What’s the rationale behind CA’s division of labor? Diane explains it by way of analogy. Let’s say, paraphrasing her, that a man has been seeing a woman—supposedly, this happens fairly often in the modern world. He lists in his head a few traits of hers that he likes and a few that don’t drive him wild. Finally he decides to tell a friend about her. “I met this great girl,” he says. What he not only doesn’t but can’t say, Diane insisted, is, “I met this great girl, and here are all of the things I don’t like about her.” Behavioral economics has a name for this sort of trompe-l’oeil: The endowment effect. When I explicitly endorse something—a potential partner or a bundle of stocks—I become, whatever my will, committed (or condemned) to it.
So when a trader adduces reasons in defense of a stock for half of her workday, there’s little chance that her opinion of it will emerge intact. In reality, behavioral economics tell us, she’s already convinced herself that this stock, or sector, or style is worth whatever volume of risk it entails. So, again, one trader prepares a “pro” profile of the stock, using quantitative and fundamental resources, and another prepares the “con.” So goes the Socratic Method, one of Clear Alternatives’s many operations inflected by behavioral econ. But that’s not the firm’s only unconventional element. Its roster is also all-female, as mentioned above.
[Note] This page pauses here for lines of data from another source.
Lemma root_prefix_width ps' : {subset ps' <= ps} ->
  h ([set s; t] :|: [set x | has (fun p => x \in take (first_heavy p) p) ps'])
    <= 1 + INR (size (flatten ps')) * (2 / INR M).
Proof.
have two_M_ge0 : 0 <= 2 / INR M by apply: Rle_mult_inv_pos; [lra | apply: INR_gt0].
elim: ps' => [|p ps' IH] sub.
  rewrite (_ : [set x | has _ [::]] = set0) ?setU0; last by apply/setP => x; rewrite !inE.
  have h_st := h_extend (W := set0) st_edge (sub0set _) (sub0set _) (subxx _).
  by have := dcoef_edge st_edge; rewrite set0U h_set0 in h_st; rewrite /=; lra.
have pin : p \in ps by apply: sub; rewrite inE eqxx.
have sub' : {subset ps' <= ps} by move=> p' p'in; apply: sub; rewrite inE p'in orbT.
have {sub' sub}IH := IH sub'.
set R := [set x | has _ ps'] in IH.
set l := minn (first_heavy p) (size p).
have -> : [set s; t] :|: [set x | has (fun p => x \in take (first_heavy p) p) (p :: ps')] =
          ([set s; t] :|: R) :|: [set x in take l p].
  apply/setP => z; rewrite !inE /= take_min take_size.
  by case: (z \in R); case: (z \in take _ _); rewrite ?orbT ?orbF.
have sX : s \in [set s; t] :|: R by rewrite !inE eqxx.
have walk := light_prefix_width pin sX (geq_minl _ _) (geq_minr _ _); rewrite -/l in walk.
have l_le : INR l <= INR (size p) by apply/le_INR/leP/geq_minr.
have := Rmult_le_compat_r _ _ _ two_M_ge0 l_le.
have -> : size (flatten (p :: ps')) = (size p + size (flatten ps'))%N by rewrite /= size_cat.
rewrite plus_INR; lra.
Qed.

Lemma root_bag_width : M = (2 * #|V|).+1 -> h (root_bag s t ps heavy_edge) <= 2 - / INR M.
Proof.
move=> M_def; have := root_prefix_width (fun p pin => pin).
have M_pos : 0 < INR M by apply: INR_gt0.
set u := / INR M; set K := INR (size (flatten ps)).
have K_le : K <= INR #|V|.
  apply/le_INR/leP; move: vertices_uniq => /= /andP [_ /andP [_ vs_uniq]].
  by rewrite -(card_uniqP vs_uniq) max_card.
have u_pos : 0 < u by apply: Rinv_0_lt_compat.
have uK : u * K <= u * INR #|V| by apply: Rmult_le_compat_l; lra.
have M_eq : INR M = 2 * INR #|V| + 1 by rewrite M_def -addn1 plus_INR mult_INR.
have u_M : 2 * (u * INR #|V|) + u = 1.
  by rewrite -(Rinv_l (INR M)) -/u ?M_eq; [ring | lra].
have -> : K * (2 / INR M) = 2 * (u * K) by rewrite /Rdiv /u; ring.
rewrite /root_bag; lra.
Qed.

Lemma bag_width y : M = (2 * #|V|).+1 -> h (bag s t ps heavy_edge y) <= 2 - / INR M.
Proof.
move=> M_def; case: (bag_cases s t ps heavy_edge y) => [->|[->|[p [i [pin i_lt hi ->]]]]].
- exact: root_bag_width.
- have : / INR M <= 1.
    by rewrite -Rinv_1; apply: Rinv_le_contravar; [lra | apply/(le_INR 1)/leP].
  by rewrite h_set0; lra.
- exact: path_bag_width.
Qed.

End BagWidths.

Theorem lemmaF3 (V : finType) (E : {set {set V}}) (s t : V) :
  is_1SP E s t -> [set s; t] \in E ->
  exists eps : R, Rlt R0 eps /\
  exists N0 : nat, forall N : nat, N0 <= N ->
    forall (D : finType) (I : {set V} -> relation V D),
      instance_N E I N -> mwidth_le E I (Rminus 2 eps).
Proof.
move=> [_ [ps [vs_uniq vs_cover E_def]]] st_edge.
pose M := (2 * #|V|).+1.
exists (Rinv (INR M)); split; first exact/Rinv_0_lt_compat/INR_gt0.
exists (2 ^ M) => N N_ge D I I_N c _.
have [k [par [chi [ghd chi_bag]]]] :=
  series_parallel_ghd vs_uniq vs_cover (heavy_edge s t E I c M) E_def.
exists k, par, chi; split => // i h h_feasible.
have [y ->] := chi_bag i.
apply: (bag_width vs_uniq E_def st_edge I_N _ _ h_feasible) => //.
exact: leq_trans N_ge (N_le_IN I_N st_edge).
Qed.
(* Let $a,b,c\in\mathbb{H}^3$, and let $v_a\in T_a\mathbb{H}^3$ and $v_b\in T_b\mathbb{H}^3$ be unit vectors. Let $\mathcal A$ be the hyperbolic area of the geodesic triangle $(a,b,c)$. Then $$\left\|\Gamma_a^bv_a-v_b\right\|_{T_b\mathbb{H}^3}\le\mathcal A+\left\|\Gamma_a^cv_a-\Gamma_b^cv_b\right\|_{T_c\mathbb{H}^3}.$$
   Context: $\Gamma_p^qv\in T_q\mathbb{H}^3$ denotes the parallel transport of $v\in T_p\mathbb{H}^3$ along the geodesic segment of $\mathbb{H}^3$ from $p$ to $q$. *)

(* Hyperboloid model of H^3 in Minkowski space R^{1,3}. *)
From Stdlib Require Import Reals.
From Coquelicot Require Import Coquelicot.
Open Scope R_scope.

Record V4 := mkV4 { c0 : R; c1 : R; c2 : R; c3 : R }.

Definition vadd (u w : V4) : V4 :=
  mkV4 (c0 u + c0 w) (c1 u + c1 w) (c2 u + c2 w) (c3 u + c3 w).
Definition vscal (k : R) (u : V4) : V4 :=
  mkV4 (k * c0 u) (k * c1 u) (k * c2 u) (k * c3 u).
Definition vsub (u w : V4) : V4 := vadd u (vscal (-1) w).

Definition mdot (u w : V4) : R :=
  - c0 u * c0 w + c1 u * c1 w + c2 u * c2 w + c3 u * c3 w.

Definition inH3 (p : V4) : Prop := mdot p p = -1 /\ 0 < c0 p.

(* Tangent space T_p H^3 = Minkowski-orthogonal complement of p;
   the Riemannian metric is the restriction of mdot (positive definite there). *)
Definition tangent (p v : V4) : Prop := mdot p v = 0.
Definition tnorm (v : V4) : R := sqrt (mdot v v).

(* Parallel transport along the geodesic segment from p to q (closed form
   in the hyperboloid model: the boost in span(p,q) fixing its complement). *)
Definition ptransport (p q v : V4) : V4 :=
  vadd v (vscal (mdot q v / (1 - mdot p q)) (vadd p q)).

Definition hnormalize (x : V4) : V4 := vscal (/ sqrt (- mdot x x)) x.

(* Parametrization of the geodesic triangle (a,b,c) over the simplex
   {(s,t) | s,t >= 0, s + t <= 1}: geodesic convex hull in H^3 is the radial
   projection of the Euclidean convex hull of a, b, c. *)
Definition tri_param (a b c : V4) (s t : R) : V4 :=
  hnormalize (vadd (vscal (1 - s - t) a) (vadd (vscal s b) (vscal t c))).

Definition d_s (a b c : V4) (s t : R) : V4 :=
  mkV4 (Derive (fun s' => c0 (tri_param a b c s' t)) s)
       (Derive (fun s' => c1 (tri_param a b c s' t)) s)
       (Derive (fun s' => c2 (tri_param a b c s' t)) s)
       (Derive (fun s' => c3 (tri_param a b c s' t)) s).

Definition d_t (a b c : V4) (s t : R) : V4 :=
  mkV4 (Derive (fun t' => c0 (tri_param a b c s t')) t)
       (Derive (fun t' => c1 (tri_param a b c s t')) t)
       (Derive (fun t' => c2 (tri_param a b c s t')) t)
       (Derive (fun t' => c3 (tri_param a b c s t')) t).

(* Area element sqrt(det of first fundamental form) w.r.t. the hyperbolic metric. *)
Definition area_density (a b c : V4) (s t : R) : R :=
  let X := d_s a b c s t in
  let Y := d_t a b c s t in
  sqrt (mdot X X * mdot Y Y - (mdot X Y) ^ 2).

Definition tri_area (a b c : V4) : R :=
  RInt (fun s => RInt (fun t => area_density a b c s t) 0 (1 - s)) 0 1.

From Stdlib Require Import Reals Lra.
From Coquelicot Require Import Coquelicot.
(* last, so that c0 .. c3 are the coordinates of V4 and not Coquelicot's names *)
Open Scope R_scope.
(* Every nonzero a in C[x1][x2] stays nonzero under some specialisation
   x1 := c with c != 0: take c a non-root of x1 * (leading coefficient). *)
Lemma nonzero_specialisation (C : numDomainType) (a : {poly {poly C}}) :
  a != 0 -> exists2 c : C, c != 0 & map_poly (horner_eval c) a != 0.
Proof.
move=> a0; have [|c] := @exists_nonroot _ (lead_coef a * 'X).
  by rewrite mulf_neq0 ?lead_coef_eq0 ?polyX_eq0.
rewrite /root hornerM hornerX mulf_eq0 negb_or => /andP [ac c0].
exists c => //; apply: contra ac => /eqP fa0.
have := congr1 (fun q : {poly C} => q`_(size a).-1) fa0.
by rewrite /= coef_map coef0 /= -lead_coefE => /rootP.
Qed.

(* Over an algebraically closed field of characteristic 0, h4 restricted to
   the hyperplane h1 = 0 is a prime element of C[x1][x2][x3]: its
   specialisations x1 := c are the prime quartics h_c. *)
Lemma h4_on_h1_prime (C : numClosedFieldType) : prime_element (h4_on_h1 C).
Proof.
rewrite h4_on_h1_quartic; apply: prime_of_specialisations (quartic_monic _ _) _.
move=> a /nonzero_specialisation [c c0 fa0]; exists (map_poly (horner_eval c)); split=> //.
rewrite map_quartic rmorphD rmorphM /= !map_polyC map_polyX /= horner_evalE hornerX.
exact: hc_prime.
Qed.

Theorem mainTheorem10 (C : numClosedFieldType) :
  prime_ideal (in_ideal2 (h4sym C 1) (h4sym C 4)).
Proof.
have memE p : in_ideal2 (h4sym C 1) (h4sym C 4) p <-> divides (h4_on_h1 C) p.[x4_on_h1 C].
  by rewrite h1E -h4E; exact: in_ideal2_XsubC.
split=> [/memE | p q /memE].
  by rewrite hornerC; apply: not_divides_1; rewrite h4_on_h1_quartic size_quartic.
by rewrite hornerM => /h4_on_h1_prime [] /memE; [left | right].
Qed.
Lemma sum_binzS_telescope (t : int) (f : nat -> V) M :
  \sum_(i < M.+1) ((-1) ^+ i * binz (t + 1) i) *: f i
  = \sum_(i < M.+1) ((-1) ^+ i * binz t i) *: (f i - f i.+1)
    + ((-1) ^+ M * binz t M) *: f M.+1.
Proof.
elim: M => [|M IHM]; first by rewrite !big_ord1 !binz0 expr0 mulr1 !scale1r subrK.
rewrite big_ord_recr IHM /= [in RHS]big_ord_recr /= -!addrA; congr (_ + _).
by rewrite scalerBr subrK -scalerDl binzS exprS; congr (_ *: _); ring.
Qed.

(* Expansion of (z - w)^n D around z = w, with the z-mode moved t steps to w. *)
Lemma mul_zw_pow_taylor (D : fdist2 V) N :
    (forall j m q, (N <= j)%N -> mul_zw_pow j D m q = 0) -> forall n t q,
  \sum_(i < N.+1) ((-1) ^+ i * binz t i) *: mul_zw_pow (n + i) D (t - i%:Z) (q - t)
  = mul_zw_pow n D 0 q.
Proof.
move=> DN n t q.
pose g t := \sum_(i < N.+1)
  ((-1) ^+ i * binz t i) *: mul_zw_pow (n + i) D (t - i%:Z) (q - t).
have gS s : g (s + 1) = g s.
  rewrite /g (sum_binzS_telescope s
    (fun i => mul_zw_pow (n + i) D (s + 1 - i%:Z) (q - (s + 1)))).
  rewrite DN ?scaler0 ?addr0; last by lia.
  apply: eq_bigr => i _; rewrite addnS mul_zw_powS.
  have -> : s + 1 - i.+1%:Z + 1 = s + 1 - i%:Z by lia.
  have -> : s + 1 - i.+1%:Z = s - i%:Z by lia.
  have -> : q - (s + 1) + 1 = q - s by lia.
  by rewrite opprB addrC subrK.
rewrite -/(g t) (shift_invariant gS) /g big_ord_recl big1 ?addr0.
  by rewrite binz0 expr0 mulr1 scale1r addn0.
by move=> i _; rewrite lift0 bin0z mulr0 scale0r.
Qed.

End TaylorExpansion.

Section SkewSymmetry.
Variables (V : zmodType) (br : V -> V -> V).
Hypothesis br_skew : forall x y, br x y = - br y x.

Lemma jprod_swap j (a b : fdist V) k :
  jprod br j b a k = - mul_zw_pow j (fbracket br a b) k 0 *~ (-1) ^+ j.
Proof.
rewrite /jprod /resz -mul_zw_pow_transpose; congr mul_zw_pow.
by apply/funext => m; apply/funext => n; rewrite /fbracket br_skew.
Qed.

End SkewSymmetry.

Lemma local_pair_mul_zw_pow_eq0 (V : zmodType) (br : V -> V -> V) (a b : fdist V) :
  local_pair br a b ->
  exists N, forall j m n, (N <= j)%N -> mul_zw_pow j (fbracket br a b) m n = 0.
Proof.
case=> N [_ abN]; exists N => j m n /subnK <-.
by rewrite /mul_zw_pow iterD -/(mul_zw_pow N _) abN; apply: mul_zw_pow_eq0.
Qed.

Section LocalSkewExpansion.
Variables (F : numFieldType) (V : lmodType F) (br : V -> V -> V).
Hypothesis br_skew : forall x y, br x y = - br y x.

Lemma jprod_local_skew (a b : fdist V) : local_pair br a b -> forall n : nat,
  exists M : nat,
    (forall i : nat, (M <= i)%N ->
       forall k, iter i (@fderiv V) (jprod br (n + i) b a) k = 0) /\
    (forall k : int,
       jprod br n a b k
       = - \sum_(i < M)
             (((-1) ^+ (n + i) / (i`!)%:R : F)
                *: iter i (@fderiv V) (jprod br (n + i) b a) k)).
Proof.
case/local_pair_mul_zw_pow_eq0 => N abN n; exists N.+1; split.
  move=> i iN k; rewrite iter_fderiv (jprod_swap br_skew) abN; last by lia.
  by rewrite oppr0 !mul0rz.
move=> k; rewrite -[LHS](mul_zw_pow_taylor abN n k k) -sumrN subrr.
apply: eq_bigr => i _; rewrite iter_fderiv (jprod_swap br_skew).
rewrite -!mulrzA mulNrz -scaler_int scalerN opprK scalerA; congr (_ *: _).
have sign2 : (-1) ^+ (n + i) * (-1) ^+ (n + i) = 1 :> F by rewrite -expr2 sqrr_sign.
by rewrite /binz !intrM !intr_sign -[LHS]mul1r -{1}sign2; ring.
Qed.
Lemma is_derive_Derive_n_shifted_poly r t : is_derive (Derive_n P r) t (Derive_n P (S r) t).
Proof.
  apply Derive_correct.
  change (ex_derive_n P (S r) t).
  apply (ex_derive_n_ext (fun t => sum_n (fun i => b i * (t - c) ^ (s + i)) d)).
  { intros; rewrite sum_n_Reals; symmetry; apply P_expand. }
  apply ex_derive_n_sum_n, filter_forall. intros x i j _ _.
  apply ex_derive_n_scal_l, ex_derive_n_pow_sub.
Qed.

Lemma Derive_n_shifted_poly_center_lt r : (r < s)%nat -> Derive_n P r c = 0.
Proof.
  intros Hr. rewrite Derive_n_shifted_poly. apply sum_eq_R0. intros i _.
  rewrite Derive_n_pow_sub. destruct Compare_dec.le_dec; [|ring].
  rewrite Rminus_diag, pow_i by lia. ring.
Qed.

Lemma Derive_n_shifted_poly_center i : (i <= d)%nat ->
  Derive_n P (s + i) c = b i * INR (fact (s + i)).
Proof.
  intros Hi. rewrite Derive_n_shifted_poly, (sum_f_R0_single _ d i Hi).
  - rewrite Derive_n_pow_sub. destruct Compare_dec.le_dec; [|lia].
    rewrite Nat.sub_diag, pow_O. simpl INR. field.
  - intros k _ Hk. rewrite Derive_n_pow_sub. destruct Compare_dec.le_dec; [|ring].
    rewrite Rminus_diag, pow_i by lia. ring.
Qed.

Lemma Derive_n_shifted_poly_top t : Derive_n P (s + d) t = b d * INR (fact (s + d)).
Proof.
  rewrite Derive_n_shifted_poly, (sum_f_R0_single _ d d (le_n d)).
  - rewrite Derive_n_pow_sub. destruct Compare_dec.le_dec; [|lia].
    rewrite Nat.sub_diag, pow_O. simpl INR. field.
  - intros k Hk Hkd. rewrite Derive_n_pow_sub. destruct Compare_dec.le_dec; [lia|ring].
Qed.

End ShiftedPolynomial.

Section SeparableKernel.
Variables (K : R -> R -> R) (alpha beta : nat -> R -> R) (d : nat).
Hypothesis K_expand : forall z t, K z t = sum_f_R0 (fun i => alpha i z * beta i t) d.
Hypothesis beta_continuous : forall i t, continuous (beta i) t.

Lemma is_RInt_beta i a z : is_RInt (beta i) a z (RInt (beta i) a z).
Proof.
  apply (RInt_correct (V := R_CompleteNormedModule)).
  apply (ex_RInt_continuous (V := R_CompleteNormedModule)). intros; apply beta_continuous.
Qed.

Lemma RInt_separable (gamma : nat -> R) (k : R -> R) a z :
  (forall t, k t = sum_f_R0 (fun i => gamma i * beta i t) d) ->
  RInt k a z = sum_f_R0 (fun i => gamma i * RInt (beta i) a z) d.
Proof.
  intros Hk. apply is_RInt_unique.
  eapply is_RInt_ext; [intros t _; symmetry; apply Hk|].
  apply (is_RInt_sum_f_R0 (fun i t => gamma i * beta i t)). intros i _.
  apply (is_RInt_scal (beta i)), is_RInt_beta.
Qed.

(* Separated variables reduce the Leibniz rule to the fundamental theorem of calculus
   for each [beta i]. *)
Lemma is_derive_RInt_separable (dalpha : nat -> R) (dK : R -> R) a y :
  (forall i, (i <= d)%nat -> is_derive (alpha i) y (dalpha i)) ->
  (forall t, is_derive (fun z => K z t) y (dK t)) ->
  is_derive (fun z => RInt (K z) a z) y (K y y + RInt dK a y).
Proof.
  intros Halpha HdK.
  assert (dK_expand : forall t, dK t = sum_f_R0 (fun i => dalpha i * beta i t) d).
  { intros t. rewrite <- (is_derive_unique _ _ _ (HdK t)). apply is_derive_unique.
    eapply is_derive_ext; [intros z; symmetry; apply K_expand|].
    apply (is_derive_sum_f_R0 (fun i z => alpha i z * beta i t)). intros i Hi.
    apply (is_derive_scal_l (K := R_AbsRing) (V := R_NormedModule) (alpha i)). auto. }
  eapply is_derive_ext.
  { intros z. symmetry. apply (RInt_separable (fun i => alpha i z)). intros; apply K_expand. }
  rewrite (RInt_separable dalpha dK) by exact dK_expand.
  rewrite (K_expand y y), Rplus_comm, <- plus_sum.
  apply (is_derive_sum_f_R0 (fun i z => alpha i z * RInt (beta i) a z)). intros i Hi.
  apply (is_derive_mult (alpha i) (fun z => RInt (beta i) a z)); [auto| |intros; apply Rmult_comm].
  apply (is_derive_RInt (beta i) _ a); [|apply beta_continuous].
  apply filter_forall. intros; apply is_RInt_beta.
Qed.
Lemma saddle_points_dist_estimate z1 z2 a1 b1 a2 b2 :
  saddle_point (g z1) (a1, b1) -> saddle_point (g z2) (a2, b2) ->
  dZ dX dY z1 z2 <= 1 ->
  (1 + tau * lam) * dZ dX dY (a1, b1) (a2, b2) ^+ 2 <=
  2 * dZ dX dY z1 z2 * (dX a1 z1.1 + dY b1 z1.2 + 1 + dZ dX dY (a1, b1) (a2, b2)).
Proof.
case: z1 z2 => [x1 y1] [x2 y2] saddle1 saddle2 d_le1.
apply: le_trans (saddle_points_sqr_dist saddle1 saddle2) _.
have [_ [_ [dXC dX_tri]]] := dX_metric; have [_ [_ [dYC dY_tri]]] := dY_metric.
set d := dZ _ _ _ _ in d_le1 *; set D := dZ _ _ (a1, b1) _.
have dx12 : dX x1 x2 <= d := dX_le_dZ dY dX_metric (x1, y1) (x2, y2).
have dy12 : dY y1 y2 <= d := dY_le_dZ dX dY_metric (x1, y1) (x2, y2).
have dx21 : dX x2 x1 <= d by rewrite dXC.
have dy21 : dY y2 y1 <= d by rewrite dYC.
have a2x1 : dX a2 x1 <= D + dX a1 x1.
  apply: le_trans (dX_tri a2 a1 x1) _; rewrite lerD2r dXC.
  exact: (dX_le_dZ dY dX_metric (a1, b1) (a2, b2)).
have b2y1 : dY b2 y1 <= D + dY b1 y1.
  apply: le_trans (dY_tri b2 b1 y1) _; rewrite lerD2r dYC.
  exact: (dY_le_dZ dX dY_metric (a1, b1) (a2, b2)).
have := sqr_distB_le dX_metric dx12 d_le1 (or_introl a2x1).
have := sqr_distB_le dX_metric dx21 d_le1 (or_intror (lexx (dX a1 x1))).
have := sqr_distB_le dY_metric dy21 d_le1 (or_intror (lexx (dY b1 y1))).
have := sqr_distB_le dY_metric dy12 d_le1 (or_introl b2y1).
rewrite /penalty /=; lra.
Qed.

End Resolvent.

Theorem mainTheorem9 (R : realType) (X Y : Type)
  (dX : X -> X -> R) (dY : Y -> Y -> R) (phi : X -> Y -> \bar R) (lam : R) :
  is_metric dX -> complete_metric dX ->
  is_metric dY -> complete_metric dY ->
  proper_sf phi -> closed_sf dX dY phi ->
  A1 phi -> A2 dX dY phi lam ->
  forall tau : R, tau_adm lam tau ->
  forall J : X * Y -> X * Y,
    (forall z, closureZ dX dY (Dphi phi) z ->
       saddle_point (Phi dX dY phi tau z) (J z)) ->
    cont_on dX dY (closureZ dX dY (Dphi phi)) J.
Proof.
move=> dX_metric _ dY_metric _ phi_proper _ phi_A1 phi_A2 tau tau_admissible J J_saddle.
move=> z1 z1_cl e e_gt0.
have := tau_adm_1DM_gt0 tau_admissible; set M := 1 + tau * lam => M_gt0.
have := J_saddle z1 z1_cl; case: (J z1) => a1 b1 saddle1.
set K := dX a1 z1.1 + dY b1 z1.2.
have K_ge0 : 0 <= K by rewrite addr_ge0 //; [case: dX_metric | case: dY_metric].
exists (Num.min 1 (Num.min (M * e / 4) (M * e ^+ 2 / (4 * (K + 1))))).
split; first by rewrite !lt_min ltr01 /= !divr_gt0 ?mulr_gt0 ?exprn_gt0 //; lra.
move=> z2 z2_cl; rewrite !lt_min => /and3P[d_lt1 d_lt2 d_lt3].
have := J_saddle z2 z2_cl; case: (J z2) => a2 b2 saddle2.
have estimate := saddle_points_dist_estimate phi_proper phi_A1 phi_A2 tau_admissible
  dX_metric dY_metric saddle1 saddle2 (ltW d_lt1).
rewrite -/M -/K in estimate.
apply: (lt_of_sqr_le_linear M_gt0 K_ge0 _ _ e_gt0 estimate); try exact: dZ_ge0; first lra.
by move: d_lt3; rewrite ltr_pdivlMr; lra.
Qed.
Lemma branch_sqr_le y : branch y -> a ^+ 2 <= d2.
Proof.
rewrite /branch /= => <-; rewrite d2E.
have := eucl_dist_triangle y cj ci; have := eucl_dist_triangle y ci cj.
rewrite (eucl_distC ci cj); nra.
Qed.

Lemma branch_coords y : 0 < d2 -> branch y ->
  [/\ y = branch_point (eucl_dist y ci) (cross y),
      4 * cross y ^+ 2 = k * ((2 * eucl_dist y ci - a) ^+ 2 - d2)
    & a <= 2 * eucl_dist y ci].
Proof.
move=> d2_gt0 yb; have r0 := eucl_dist_ge0 y ci; have s0 := eucl_dist_ge0 y cj.
have r2 := sqr_eucl_dist y ci; have s2 := sqr_eucl_dist y cj.
rewrite /branch /= in yb.
move: (eucl_dist y ci) (eucl_dist y cj) r0 s0 r2 s2 yb => r s r0 s0 r2 s2 yb.
have dot : e1 * (y.1 - ci.1) + e2 * (y.2 - ci.2) = a * r + k / 2.
  have sE : s = r - a by lra.
  have : 2 * (e1 * (y.1 - ci.1) + e2 * (y.2 - ci.2)) = r ^+ 2 - s ^+ 2 + d2.
    by rewrite r2 s2 /d2 /e1 /e2; ring.
  rewrite sE /k; lra.
have lagrange : d2 * r ^+ 2 = (a * r + k / 2) ^+ 2 + cross y ^+ 2.
  by rewrite -dot r2 /cross /d2; ring.
have d2_neq0 : d2 != 0 by rewrite gt_eqF.
split; last by lra.
- rewrite /branch_point -dot /cross; case: y {r2 s2 dot lagrange} => y1 y2 /=.
  by congr (_, _); rewrite /d2 in d2_neq0 *; field.
- have -> : cross y ^+ 2 = d2 * r ^+ 2 - (a * r + k / 2) ^+ 2 by rewrite lagrange; ring.
  by rewrite /k; field.
Qed.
Diane’s clear on this point: Clear Alternatives isn’t a political intervention so much as a corrective to an industry that hasn’t been overwhelmingly friendly to women (typically in an infrastructural rather than direct manner). CA’s gender “imbalance,” which is actually a rebalancing and an attempt to equalize the field, came about purely by chance. “As we started to speak to people,” she said, “we were very fortunate to get Florina Klingbaum,” one of the founders of Credit Suisse’s alternative asset branch. Like many women in the industry, Klingbaum’s career sustained a lapse due to her pregnancy. In an industry that evolves at a breakneck pace, pregnancy can be crippling to even a high-ranking trader like Florina—a wrong that Clear Alternatives does its best to address by hiring women who, after raising a child, have been effectively locked out of finance.
The touchstone of Clear Alternatives’s female-focused hiring practices isn’t, “We’re women, so you should invest in us.” Instead it’s, “We have great returns, an all-star team of traders, and we happen to be women”—which isn’t quite the opposite, because the fact of being comprised entirely of women certainly still colors the identity of Clear Alternatives but doesn’t define it. It isn’t--at its roots or through some political program--a woman’s firm, but is rather a firm that supports women through what it does and not only what it says. Diane again: “We only want to hire the best people that are out there....Look, if you know a man who’s as smart as all of these ladies, send him to us.”
It makes one wonder, of course, whether there’s some primordial tie between the insights of behavioral econ and the sort of investment firm that would believe in women the way that Diane’s does. It makes one wonder—and also hope. “Being a woman gives us a very different perspective,” Diane told me. “What we can deliver is a diversity of thought. And diversity of thought is as important as diversity of stocks and bonds.”